We will analyze an extract of 534 observations from the 1985 Current Population Survey (CPS) to explore, among other things, how hourly wages differ among men and women with similar observed characteristics.
The dataset is available here as a Stata file https://grodri.github.io/datasets/wages.dta,
and includes information for each worker on years of education,
an indicator for southern states, indicator for females, years of work experience,
indicator of union membership, the hourly wage in dollars, age,
ethnicity (coded 1=other, 2=hispanic, 3=white),
occupation (coded 1=management, 2=sales, 3=clerical, 4=service, 5=professional, 6=other),
sector (coded 0=other, 1=manufacturing, 2=construction),
and an indicator for married respondents.
(a) Fit a linear model to explore how hourly wages depend on education, work experience, union membership, region, occupation and sex. (For simplicity we leave out the other predictors throughout this problem set.)
(b) Describe the net effects of education, work experience, and union membership on wages.
(c) Describe the gender gap after adjusting for the effects of the other variables in the model, and test its significance.
(d) Calculate and plot the jack-knifed residuals versus the fitted values. What does the plot indicate? Any outliers?
(e) Compute robust standard errors and comment on whether the gender gap is still significant. (R users should make sure to use the "HC1" method.)
(a) Fit the model of part 1.a working with the natural logarithm of hourly wages.
(b) Describe the coefficients of education, work experience and union membership in terms of the effects of these variables on wages (not on log wages).
(c) Describe the gender gap as estimated in this model and test its significance.
(d) Check whether the returns to work experience are the same for males and females.
(e) How does the result of part (d) affect the conclusions of part (c)? Do we still have a gender gap?

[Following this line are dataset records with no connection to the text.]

(* Let $I,S\ge 0$ be integers and consider the pairing process described in the context. The minimum, over all possible wirings, of the number of bb-pairings equals $$L(I,S)=\begin{cases}0 & \text{if } I\le S,\\ \frac{I-S}{2} & \text{if } I>S \text{ and } I-S \text{ is even},\\ \frac{I-S-1}{2} & \text{if } I>S \text{ and } I-S \text{ is odd},\end{cases}$$ and the maximum number of bb-pairings in a possible wiring is $\lfloor I/2\rfloor$.
   Context: Pairing process: there are $I$ infected devices $b_1,\dots,b_I$ and $S$ clean devices $w_1,\dots,w_S$. For $t=1,\dots,I$ in this order: if $b_t$ is not yet paired and at least one device other than $b_t$ is not yet paired, then $b_t$ chooses one of the currently unpaired devices other than itself uniformly at random, independently of previous choices, and becomes paired with it; otherwise $b_t$ does nothing. Each device belongs to at most one pair. The wiring is the final set of pairs; a bb-pairing is a pair consisting of two infected devices; a wiring is possible if it occurs with positive probability. *)

From mathcomp Require Import all_boot.
Set Implicit Arguments. Unset Strict Implicit. Unset Printing Implicit Defensive.

(* Devices are the naturals 0 .. I+S-1.  Infected device b_{t+1} is the
   number t (for t < I); clean device w_{j+1} is the number I + j (j < S).
   A (partial) wiring is a list of pairs (x, y): infected device x chose y. *)

Definition pairing := seq (nat * nat).

Definition paired (w : pairing) (x : nat) : bool :=
  has (fun p : nat * nat => (p.1 == x) || (p.2 == x)) w.

Definition exists_free_other (I S : nat) (w : pairing) (x : nat) : bool :=
  has (fun y => (y != x) && ~~ paired w y) (iota 0 (I + S)).

(* reach I S t w : after infected devices 0..t-1 have acted, the current set
   of pairs w occurs with positive probability.  Since each choice is uniform
   over a nonempty finite set, an outcome has positive probability iff it is
   obtained by some sequence of admissible choices. *)
Inductive reach (I S : nat) : nat -> pairing -> Prop :=
| reach0 : reach I S 0 [::]
| reach_skip_paired t w :
    reach I S t w -> t < I -> paired w t -> reach I S t.+1 w
| reach_skip_nofree t w :
    reach I S t w -> t < I -> ~~ paired w t ->
    ~~ exists_free_other I S w t -> reach I S t.+1 w
| reach_choose t w y :
    reach I S t w -> t < I -> ~~ paired w t ->
    y < I + S -> y != t -> ~~ paired w y ->
    reach I S t.+1 ((t, y) :: w).

Definition possible (I S : nat) (w : pairing) : Prop := reach I S I w.

Definition n_bb (I : nat) (w : pairing) : nat :=
  count (fun p : nat * nat => (p.1 < I) && (p.2 < I)) w.

Definition L (I S : nat) : nat :=
  if I <= S then 0
  else if ~~ odd (I - S) then (I - S) %/ 2
  else (I - S - 1) %/ 2.

(* Every pair contains the infected device that chose it, so in any wiring the
   number of paired infected devices equals the number of paired clean devices
   plus twice the number of bb-pairings.  An infected device that stays unpaired
   found every other device already paired; hence in a possible wiring either
   all I infected devices are paired (and at most S clean ones), or exactly I-1
   infected and all S clean devices are.  This yields I-S <= 2 bb + 1 and
   2 bb <= I.  Both bounds are attained by letting the first m infected devices
   choose clean partners and pairing the remaining infected devices with each
   other: m = min I S gives L I S, and m = I mod 2 (when S > 0) gives I/2. *)

From mathcomp Require Import all_boot zify.

Lemma count_mem_uniq_swap (T : eqType) (s r : seq T) :
  uniq s -> uniq r -> count (mem r) s = count (mem s) r.
Proof.
move=> us ur; rewrite -!size_filter; apply/perm_size/uniq_perm.
- exact: filter_uniq.
- exact: filter_uniq.
by move=> x; rewrite !mem_filter andbC.
Qed.

Fixpoint devices (w : pairing) : seq nat :=
  if w is p :: w' then p.1 :: p.2 :: devices w' else [::].

Lemma paired_devices w x : paired w x = (x \in devices w).
Proof.
elim: w => [|[a b] w IH] //=; rewrite /paired /= -/(paired w x) IH !in_cons.
by rewrite ![_ == x]eq_sym orbA.
Qed.

Lemma paired_cons p w x :
  paired (p :: w) x = (p.1 == x) || (p.2 == x) || paired w x.
Proof. by []. Qed.

Lemma paired_cat w1 w2 x : paired (w1 ++ w2) x = paired w1 x || paired w2 x.
Proof. by rewrite /paired has_cat. Qed.

Lemma count_devices_infected I w : all (fun p : nat * nat => p.1 < I) w ->
  count (fun y => y < I) (devices w) =
  count (fun y => I <= y) (devices w) + (n_bb I w).*2.
Proof.
elim: w => [|[a b] w IH] //= /andP [aI /IH {}IH].
rewrite /n_bb /= -/(n_bb I w); lia.
Qed.

Record wiring_inv (I S t : nat) (w : pairing) : Prop := WiringInv {
  wiring_uniq : uniq (devices w);
  wiring_bound : all (fun y => y < I + S) (devices w);
  wiring_chooser : all (fun p : nat * nat => p.1 < I) w;
  wiring_unpaired : forall x, x < t -> x < I -> ~~ paired w x ->
     forall y, y < I + S -> y != x -> paired w y
}.

Lemma reach_wiring_inv I S t w : reach I S t w -> wiring_inv I S t w.
Proof.
elim=> {t w} [|t w _ [u b f d] _ pt|t w _ [u b f d] _ _ nf|
               t w y _ [u b f d] tI pt yl yt py].
- by constructor.
- constructor=> // x; rewrite ltnS leq_eqVlt => /predU1P [->|]; last exact: d.
  by rewrite pt.
- constructor=> // x; rewrite ltnS leq_eqVlt => /predU1P [-> _ _ y yl yt|];
    last exact: d.
  by move/hasPn: nf => /(_ y); rewrite mem_iota yl yt negbK => ->.
- constructor=> /=.
  + by rewrite u andbT !inE negb_or -!paired_devices pt py eq_sym yt.
  + by rewrite b !andbT; apply/andP; split; lia.
  + by rewrite tI.
  + move=> x; rewrite ltnS leq_eqVlt => /predU1P [->|xt xI].
      by rewrite eqxx.
    rewrite !negb_or => /andP [_ px] z zl zx.
    by rewrite (d x xt xI px z zl zx) orbT.
Qed.

Section PossibleWiring.

Variables (I S : nat) (w : pairing).
Hypothesis possible_w : possible I S w.

Let inv_w : wiring_inv I S I w := @reach_wiring_inv I S I w possible_w.

Lemma possible_paired_count :
  count (paired w) (iota 0 I) = count (paired w) (iota I S) + (n_bb I w).*2.
Proof.
have [u b f _] := inv_w.
have count_range a n :
    count (paired w) (iota a n) = count (fun y => a <= y < a + n) (devices w).
  rewrite (eq_count (paired_devices w)) -count_mem_uniq_swap ?iota_uniq //.
  by apply: eq_count => y /=; rewrite mem_iota.
rewrite !count_range (eq_count (a2 := fun y => y < I)) //.
rewrite count_devices_infected //.
congr (_ + _); apply: eq_in_count => y /(allP b) /=; lia.
Qed.

Lemma possible_paired_infected :
  count (paired w) (iota 0 I) = I \/
  count (paired w) (iota 0 I) = I.-1 /\ count (paired w) (iota I S) = S.
Proof.
have [_ _ _ d] := inv_w.
have [all_paired|/allPn [x]] := boolP (all (paired w) (iota 0 I)).
  by left; rewrite (eq_in_count (a2 := predT)) ?count_predT ?size_iota //;
    exact/allP.
rewrite mem_iota => /= xI px; right.
have others : forall y, y < I + S -> y != x -> paired w y := d x xI xI px.
split.
- rewrite (@eq_in_count _ _ (predC (pred1 x))) => [|y]; last first.
    rewrite mem_iota /= => yI; have [->|yx] := eqVneq y x; first exact/negbTE.
    by apply: others; lia.
  have := count_predC (pred1 x) (iota 0 I).
  by rewrite count_uniq_mem ?iota_uniq // mem_iota xI size_iota; lia.
- rewrite (eq_in_count (a2 := predT)) ?count_predT ?size_iota // => y.
  by rewrite mem_iota => yr; apply: others; lia.
Qed.

Lemma possible_bb_le_half : n_bb I w <= I %/ 2.
Proof.
have := possible_paired_count; have := count_size (paired w) (iota 0 I).
rewrite size_iota; lia.
Qed.

Lemma possible_bb_ge_half_excess : (I - S) %/ 2 <= n_bb I w.
Proof.
have := possible_paired_count; have := count_size (paired w) (iota I S).
rewrite size_iota; case: possible_paired_infected => [|[]] -> //; lia.
Qed.

End PossibleWiring.

Lemma L_half_excess I S : L I S = (I - S) %/ 2.
Proof.
rewrite /L; case: ifP => IS; first lia.
by have := modn2 (I - S); case: (odd (I - S)) => /=; lia.
Qed.

Fixpoint cross_pairs (I k : nat) : pairing :=
  if k is k'.+1 then (k', I + k') :: cross_pairs I k' else [::].

Fixpoint bb_pairs (m j : nat) : pairing :=
  if j is j'.+1 then (m + j'.*2, (m + j'.*2).+1) :: bb_pairs m j' else [::].

Lemma paired_cross_pairs I k x :
  paired (cross_pairs I k) x = (x < k) || (I <= x < I + k).
Proof. by elim: k => [|k IH] /=; rewrite ?paired_cons ?IH /=; lia. Qed.

Lemma paired_bb_pairs m j x : paired (bb_pairs m j) x = (m <= x < m + j.*2).
Proof. by elim: j => [|j IH] /=; rewrite ?paired_cons ?IH /=; lia. Qed.

Lemma n_bb_cross_pairs I k : n_bb I (cross_pairs I k) = 0.
Proof. by elim: k => //= k IH; rewrite /n_bb /= -/(n_bb I _) IH; lia. Qed.

Lemma n_bb_bb_pairs I m j : m + j.*2 <= I -> n_bb I (bb_pairs m j) = j.
Proof. by elim: j => //= j IH h; rewrite /n_bb /= -/(n_bb I _) IH; lia. Qed.

Section Construction.

Variables (I S m : nat).
Hypotheses (mI : m <= I) (mS : m <= S).

Lemma reach_cross_pairs k : k <= m -> reach I S k (cross_pairs I k).
Proof.
elim: k => [|k IH] km; first exact: reach0.
by apply: reach_choose; rewrite ?paired_cross_pairs; try apply: IH; lia.
Qed.

Lemma reach_bb_pairs j : m + j.*2 <= I ->
  reach I S (m + j.*2) (bb_pairs m j ++ cross_pairs I m).
Proof.
elim: j => [|j IH] jI; first by rewrite addn0; exact: reach_cross_pairs.
rewrite doubleS !addnS; apply: reach_skip_paired; first apply: reach_choose.
all: rewrite ?paired_cons ?paired_cat ?paired_cross_pairs ?paired_bb_pairs /=;
  try apply: IH; lia.
Qed.

(* After the first m choices the infected devices pair up among themselves; a
   last odd one out is stuck only if no clean device is left, i.e. m = S. *)
Lemma possible_bb_pairs : (I - m) %% 2 = 0 \/ m = S ->
  exists2 w, possible I S w & n_bb I w = (I - m) %/ 2.
Proof.
move=> parity; set j := (I - m) %/ 2.
have jI : m + j.*2 <= I by rewrite /j; lia.
exists (bb_pairs m j ++ cross_pairs I m).
  rewrite /possible.
  have [I_even|[I_odd mSe]] : I = m + j.*2 \/ I = (m + j.*2).+1 /\ m = S.
  - by rewrite /j; lia.
  - by rewrite [X in reach _ _ X _]I_even; exact: reach_bb_pairs.
  rewrite [X in reach _ _ X _]I_odd.
  apply: reach_skip_nofree; first exact: reach_bb_pairs.
  - lia.
  - rewrite paired_cat paired_cross_pairs paired_bb_pairs; lia.
  apply/hasPn => y; rewrite mem_iota /= => yl.
  rewrite paired_cat paired_cross_pairs paired_bb_pairs; lia.
by rewrite /n_bb count_cat -!/(n_bb I _) n_bb_cross_pairs n_bb_bb_pairs ?addn0.
Qed.

End Construction.

Theorem lemma1 (I S : nat) :
  ((exists w, possible I S w /\ n_bb I w = L I S) /\
   (forall w, possible I S w -> L I S <= n_bb I w)) /\
  ((exists w, possible I S w /\ n_bb I w = I %/ 2) /\
   (forall w, possible I S w -> n_bb I w <= I %/ 2)).
Proof.
split; split.
- have parity : (I - minn I S) %% 2 = 0 \/ minn I S = S by lia.
  have [w pw bb] :=
    possible_bb_pairs _ _ _ (geq_minl I S) (geq_minr I S) parity.
  by exists w; rewrite L_half_excess bb; split => //; lia.
- by move=> w pw; rewrite L_half_excess; exact: possible_bb_ge_half_excess.
- pose m := if (I %% 2 == 1) && (0 < S) then 1 else 0.
  have [w pw bb] : exists2 w, possible I S w & n_bb I w = (I - m) %/ 2.
    by apply: possible_bb_pairs; rewrite /m; case: ifP => /=; lia.
  by exists w; split => //; rewrite bb /m; case: ifP => /=; lia.
- exact: possible_bb_le_half.
Qed.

(a) Calculate and plot the jack-knifed residuals versus fitted values for the final model using log wages. What does the plot tell us? Any outliers?

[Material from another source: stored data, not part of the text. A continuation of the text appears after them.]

(* Let $\mathcal G\in\mathbb C^{M\times N}$ have columns $\mathbf g_1,\dots,\mathbf g_N$ with $\|\mathbf g_j\|_2=1$, let $\mathbf d\in\mathbb C^M$, $\gamma>0$, and $\mathscr L(\boldsymbol\rho)=\tfrac12\|\mathcal G\boldsymbol\rho-\mathbf d\|_2^2+\gamma\|\boldsymbol\rho\|_1$. Let $\mathscr S\subset\{1,\dots,N\}$ with complement $\mathscr S^c=\{1,\dots,N\}\setminus\mathscr S$, let $\mathcal S\subset\mathscr S$ be such that $\mathcal G_{\mathcal S}$ has full column rank, and let $r\in(0,1)$ be such that for every $l\in\mathscr S$ there is $q\in\mathcal S$ with $|\mathbf g_q^H\mathbf g_l|>1-r$. Let $\boldsymbol\rho_\star$ minimize $\mathscr L$ over all $\boldsymbol\rho\in\mathbb C^N$ with $\operatorname{supp}\boldsymbol\rho\subset\mathscr S$, and let $\boldsymbol\xi\in\partial\|\boldsymbol\rho_{\star\mathscr S}\|_1$ satisfy $\mathcal G_{\mathscr S}^H\mathcal G_{\mathscr S}(\boldsymbol\rho_{\star\mathscr S}-\mathcal G_{\mathscr S}^\dagger\mathbf d)+\gamma\boldsymbol\xi=\mathbf 0$. If $$\sqrt{2r}\,\|\boldsymbol\rho_{\star\mathscr S}-\mathcal G_{\mathscr S}^\dagger\mathbf d\|_1+\|\mathcal G_{\mathscr S^c}^H(\mathcal P_{\mathscr S}\mathbf d-\mathbf d)\|_\infty<\gamma\Big[1-\max_{j\in\mathscr S^c}\big|\boldsymbol\xi_{\mathcal S}^H\,\mathcal G_{\mathcal S}^\dagger\mathbf g_j\big|\Big],$$ then $\boldsymbol\rho_\star$ is a global minimizer of $\mathscr L$ over $\mathbb C^N$.
   Context: For $\mathbf u\in\mathbb C^N$ and $T\subset\{1,\dots,N\}$, $\mathbf u_T\in\mathbb C^{|T|}$ denotes the restriction of $\mathbf u$ to the indices in $T$ (for $\boldsymbol\xi$ indexed by $\mathscr S$, $\boldsymbol\xi_{\mathcal S}$ is its restriction to $\mathcal S$), and $\mathcal G_T$ is the $M\times|T|$ submatrix of $\mathcal G$ with columns $\mathbf g_j$, $j\in T$. $^H$ denotes conjugate transpose, $^\dagger$ the Moore–Penrose pseudo-inverse, and $\mathcal P_{\mathscr S}=\mathcal G_{\mathscr S}\mathcal G_{\mathscr S}^\dagger$ the orthogonal projection onto the range of $\mathcal G_{\mathscr S}$. Subdifferential of the $\ell_1$ norm at $\mathbf u\in\mathbb C^n$: $\partial\|\mathbf u\|_1=\{\boldsymbol\xi\in\mathbb C^n:\ \xi_i=u_i/|u_i|\text{ if }u_i\neq0,\ |\xi_i|\le1\text{ if }u_i=0\}$. *)

(* The complex field is modelled by an arbitrary
   numClosedFieldType C (e.g. algC). *)
From HB Require Import structures.
From mathcomp Require Import all_boot all_order all_algebra.
Set Implicit Arguments. Unset Strict Implicit. Unset Printing Implicit Defensive.
Import Order.TTheory GRing.Theory Num.Theory.
Local Open Scope ring_scope.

(b) Run a quick Q-Q plot to check the normality of the residuals. How does the graph look? (No formal test required.)
(c) Calculate the leverages. Do we have any observation with high leverage? Identify the observation with the highest leverage. Can you tell why it has potential influence?

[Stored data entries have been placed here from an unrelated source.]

Lemma pair_seq_rcons s y :
  pair_seq (rcons s y) = pair_seq s + 2 * dist_sum y s.
Proof.
rewrite /dist_sum (big_nth 0) /pair_seq size_rcons big_nat_recr //=.
set k := size s.
have nth_s i : (i < k)%N -> (rcons s y)`_i = s`_i.
  by move=> ik; rewrite nth_rcons ik.
have nth_y : (rcons s y)`_k = y by rewrite nth_rcons ltnn eqxx.
have -> : \sum_(0 <= j < k.+1 | k != j)
    `|(rcons s y)`_k - (rcons s y)`_j| `^ (1 - m) =
    \sum_(0 <= i < k) `|y - s`_i| `^ (1 - m).
  rewrite big_mkcond big_nat_recr //= eqxx addr0.
  by apply: eq_big_nat => j /andP[_ jk]; rewrite nth_y nth_s // eq_sym ltn_eqF.
have -> : \sum_(0 <= i < k) \sum_(0 <= j < k.+1 | i != j)
    `|(rcons s y)`_i - (rcons s y)`_j| `^ (1 - m) =
    \sum_(0 <= i < k) (\sum_(0 <= j < k | i != j) `|s`_i - s`_j| `^ (1 - m)
      + `|y - s`_i| `^ (1 - m)).
  apply: eq_big_nat => i /andP[_ ik].
  rewrite big_mkcond big_nat_recr //= ltn_eqF // nth_y nth_s // distrC.
  rewrite [in RHS]big_mkcond; congr (_ + _).
  by apply: eq_big_nat => j /andP[_ jk]; rewrite !nth_s.
by rewrite big_split /= -addrA mulr2n mulrDl mul1r.
Qed.

Lemma dist_sum_rcons_le {s y} : sorted <%R (rcons s y) -> (0 < size s)%N ->
  2 * dist_sum y s <=
    consec_seq (rcons s y) + (size s)%:R * (y - last 0 s) `^ (1 - m).
Proof.
move=> hr s_gt0; set r := rcons s y; set k := size s.
have sr : size r = k.+1 by rewrite size_rcons.
have r_s i : (i < k)%N -> r`_i = s`_i by move=> ik; rewrite nth_rcons ik.
have r_y : r`_k = y by rewrite nth_rcons ltnn eqxx.
have r_last : r`_k.-1 = last 0 s by rewrite r_s ?nth_last // ltn_predL.
rewrite /dist_sum (big_nth 0) /consec_seq sr /= -/k.
have -> : k%:R * (y - last 0 s) `^ (1 - m) =
    \sum_(0 <= i < k) (y - last 0 s) `^ (1 - m).
  by rewrite sumr_const_nat subn0 mulr_natl.
rewrite -big_split mulr_sumr; apply: ler_sum_nat => i /andP[_ ik].
rewrite -r_s // -r_y -r_last mulr2n mulrDl mul1r.
have r_ik : r`_i < r`_k by apply: sorted_ltr_nth; rewrite ?sr.
have ik1 : (i <= k.-1)%N by rewrite -ltnS prednK.
rewrite gtr0_norm ?subr_gt0 //; apply: lerD; apply: powR_anti.
- by rewrite subr_gt0 sorted_ltr_nth ?sr.
- by rewrite lerD2r sorted_ler_nth ?sr.
- by rewrite subr_gt0 sorted_ltr_nth ?sr ?ltn_predL.
- by rewrite lerD2l lerN2 sorted_ler_nth // sr ltnS leq_pred.
Qed.

Lemma pair_seq_le_size {s} : sorted <%R s -> pair_seq s <= (size s)%:R * consec_seq s.
Proof.
elim/last_ind: s => [|s y IH] hr.
  by rewrite pair_seq_short ?consec_seq_short ?mulr0.
have [s0|s_gt0] := posnP (size s).
  by rewrite pair_seq_short ?size_rcons ?s0 // mulr_ge0 ?consec_seq_ge0.
have := dist_sum_rcons_le hr s_gt0; have := IH (sorted_rconsW hr).
rewrite pair_seq_rcons size_rcons -natr1 !consec_seq_rcons //.
have := consec_seq_ge0 s; have := powR_ge0 (y - last 0 s) (1 - m).
by move=> *; nra.
Qed.

Lemma ratio_seq_le_size {s} : sorted <%R s -> (2 <= size s)%N ->
  ratio_seq s <= (size s)%:R.
Proof.
by move=> hs s2; rewrite ler_pdivrMr ?consec_seq_gt0 // pair_seq_le_size.
Qed.

Section Affine.
Context {l : R} {f : R -> R}.
Hypotheses (l_gt0 : 0 < l) (fB : forall x y, f x - f y = l * (x - y)).

Lemma sorted_map_affine {s} : sorted <%R s -> sorted <%R (map f s).
Proof.
by apply: homo_sorted => x y xy; rewrite -subr_gt0 fB mulr_gt0 // subr_gt0.
Qed.

Lemma consec_seq_map s : sorted <%R s ->
  consec_seq (map f s) = l `^ (1 - m) * consec_seq s.
Proof.
move=> hs; rewrite /consec_seq size_map mulr_sumr.
apply: eq_big_nat => i /andP[_ hi]; rewrite ltn_predRL in hi.
rewrite !(nth_map 0) ?(ltnW hi) // fB powRM ?(ltW l_gt0) //.
by rewrite subr_ge0 ltW // sorted_ltr_nth.
Qed.

Lemma pair_seq_map s : pair_seq (map f s) = l `^ (1 - m) * pair_seq s.
Proof.
rewrite /pair_seq size_map mulr_sumr; apply: eq_big_nat => i /andP[_ hi].
rewrite mulr_sumr big_seq_cond [RHS]big_seq_cond; apply: eq_bigr => j.
rewrite mem_index_iota => /andP[/andP[_ hj] _].
by rewrite !(nth_map 0) // fB normrM gtr0_norm // powRM ?(ltW l_gt0).
Qed.

Lemma ratio_seq_map s : sorted <%R s -> ratio_seq (map f s) = ratio_seq s.
Proof.
move=> hs; rewrite /ratio_seq consec_seq_map // pair_seq_map invfM mulrACA.
by rewrite mulfV ?mul1r // gt_eqF // powR_gt0.
Qed.

End Affine.

(* [y] is put so far that all its distances to [s] are within the factor [b]
   of the new last gap [t]; as [b ^ (1 - m) = 2/3], the numerator gains at
   least [4/3 * size s * t ^ (1 - m)] while the denominator gains
   [t ^ (1 - m)], which beats [pair_seq s <= size s * consec_seq s]. *)
Lemma ratio_seq_rcons_gt {s} : sorted <%R s -> (2 <= size s)%N ->
  exists y, sorted <%R (rcons s y) /\ ratio_seq s < ratio_seq (rcons s y).
Proof.
move=> hs s2; set k := size s in s2.
have k_gt0 : (0 < k)%N by apply: leq_trans s2.
have first_lt_last : s`_0 < last 0 s.
  by rewrite -nth_last sorted_ltr_nth ?ltn_predRL ?ltn_predL.
pose b := (3 / 2) `^ (m - 1)^-1.
have b_pow : b `^ (1 - m) = 2 / 3.
  by rewrite -opprB powRN powRVK ?invf_div // subr_eq0 gt_eqF.
have b_gt0 : 0 < b by rewrite powR_gt0.
have b_gt1 : 1 < b.
  rewrite ltNge; apply/negP => b_le1.
  by have := powR_anti b_gt0 b_le1; rewrite b_pow powR1 /=; lra.
set t := (last 0 s - s`_0) / (b - 1).
have t_gt0 : 0 < t by rewrite divr_gt0 // subr_gt0.
have bt : (b - 1) * t = last 0 s - s`_0 by rewrite mulrC divfK // gt_eqF // subr_gt0.
set y := last 0 s + t.
have hr : sorted <%R (rcons s y) by rewrite sorted_rcons // ltrDl.
exists y; split => //.
have far : k%:R * (2 / 3 * t `^ (1 - m)) <= dist_sum y s.
  have -> : k%:R * (2 / 3 * t `^ (1 - m)) = \sum_(0 <= i < k) 2 / 3 * t `^ (1 - m).
    by rewrite sumr_const_nat subn0 mulr_natl.
  rewrite /dist_sum [X in _ <= X](big_nth 0) -/k; apply: ler_sum_nat => i /andP[_ ik].
  have s0i : s`_0 <= s`_i by rewrite sorted_ler_nth.
  have si_last : s`_i <= last 0 s.
    by rewrite -nth_last sorted_ler_nth ?ltn_predL // -ltnS prednK.
  rewrite gtr0_norm; last by rewrite subr_gt0 /y; lra.
  rewrite -b_pow -powRM ?(ltW t_gt0) ?(ltW (lt_trans ltr01 b_gt1)) //.
  by apply: powR_anti; rewrite /y; lra.
have hP := pair_seq_le_size hs; have C_gt0 := consec_seq_gt0 hs s2.
rewrite /ratio_seq pair_seq_rcons consec_seq_rcons //.
have -> : y - last 0 s = t by rewrite addrC addKr.
have T_gt0 : 0 < t `^ (1 - m) by rewrite powR_gt0.
have CT_gt0 : 0 < consec_seq s + t `^ (1 - m) by rewrite addr_gt0.
rewrite ltr_pdivrMr // mulrAC ltr_pdivlMr //.
have := ler_wpM2r (ltW C_gt0) far; have := ler_wpM2r (ltW T_gt0) hP.
have : 0 < k%:R * t `^ (1 - m) * consec_seq s by rewrite !mulr_gt0 // ltr0n.
rewrite -/k; lra.
Qed.

Lemma ratio_seq_extend {u n} : sorted <%R u -> (2 <= size u)%N -> (size u <= n)%N ->
  exists v, [/\ sorted <%R v, size v = n & ratio_seq u <= ratio_seq v].
Proof.
move=> hu u2; elim: n => [/(leq_trans u2)//|n IH].
rewrite leq_eqVlt => /orP[/eqP <-|]; first by exists u.
rewrite ltnS => un; have [v [hv vn uv]] := IH un.
have [|y [hy vy]] := ratio_seq_rcons_gt hv; first by rewrite vn (leq_trans u2 un).
by exists (rcons v y); rewrite size_rcons vn; split => //; apply: le_trans uv (ltW vy).
Qed.

Definition is_ratio_max k s := [/\ sorted <%R s, size s = k &
  forall u, sorted <%R u -> size u = k -> ratio_seq u <= ratio_seq s].

Lemma pair_seq_le_ratio_max {k s u} : is_ratio_max k s -> sorted <%R u ->
  (size u <= k)%N -> pair_seq u <= ratio_seq s * consec_seq u.
Proof.
move=> [_ sk smax] hu uk; have [u1|u2] := leqP (size u) 1.
  by rewrite pair_seq_short // consec_seq_short // mulr0.
have [v [hv vk uv]] := ratio_seq_extend hu u2 uk.
by rewrite -ler_pdivrMr ?consec_seq_gt0 //; apply: le_trans uv (smax v hv vk).
Qed.

Lemma dist_sum_le_const y s G : (forall x, x \in s -> `|y - x| `^ (1 - m) <= G) ->
  dist_sum y s <= (size s)%:R * G.
Proof.
move=> hG; rewrite /dist_sum (big_nth 0) -[X in X%:R]subn0 mulr_natl.
by rewrite -sumr_const_nat; apply: ler_sum_nat => i /andP[_ hi]; apply/hG/mem_nth.
Qed.

Lemma pair_seq_cat_le {L r G} :
  (forall x z, x \in L -> z \in r -> `|x - z| `^ (1 - m) <= G) ->
  pair_seq (L ++ r) <= pair_seq L + pair_seq r + 2 * ((size L * size r)%:R * G).
Proof.
elim/last_ind: r => [|r y IH] hG.
  by rewrite cats0 (pair_seq_short [::]) // muln0 mul0r mulr0 !addr0.
rewrite -rcons_cat !pair_seq_rcons /dist_sum big_cat /= -!/(dist_sum y _).
have /IH : forall x z, x \in L -> z \in r -> `|x - z| `^ (1 - m) <= G.
  by move=> x z xL zr; rewrite hG // mem_rcons inE zr orbT.
have : dist_sum y L <= (size L)%:R * G.
  by apply: dist_sum_le_const => x xL; rewrite distrC hG // mem_rcons mem_head.
by rewrite size_rcons mulnS natrD; lra.
Qed.

Lemma consec_seq_cat_ge L r : consec_seq L + consec_seq r <= consec_seq (L ++ r).
Proof.
case: L => [|x L]; first by rewrite (consec_seq_short [::]) // add0r.
elim/last_ind: r => [|r y IH].
  by rewrite cats0 (consec_seq_short [::]) // addr0.
rewrite -rcons_cat (consec_seq_rcons (_ ++ _)) //; case: r IH => [|z r] IH.
  by rewrite cats0 (consec_seq_short [:: y]) // addr0 lerDl powR_ge0.
by rewrite consec_seq_rcons // last_cat /= addrA lerD2r.
Qed.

(d) Calculate the Cook's distances. Do we have any observations that stand out? What do you think would happen to the gender gap if we refit the model omitting the observation with the highest actual influence? (No need to do the fit.)
(e) Did we need to transform the data? Was the natural logarithm a good transformation? Explore these questions in a Box-Cox framework by plotting the profile log-likelihood for parameters in the range (-2,2) and formally testing for the identity and log transformations.
Posted Monday, October 3, 2016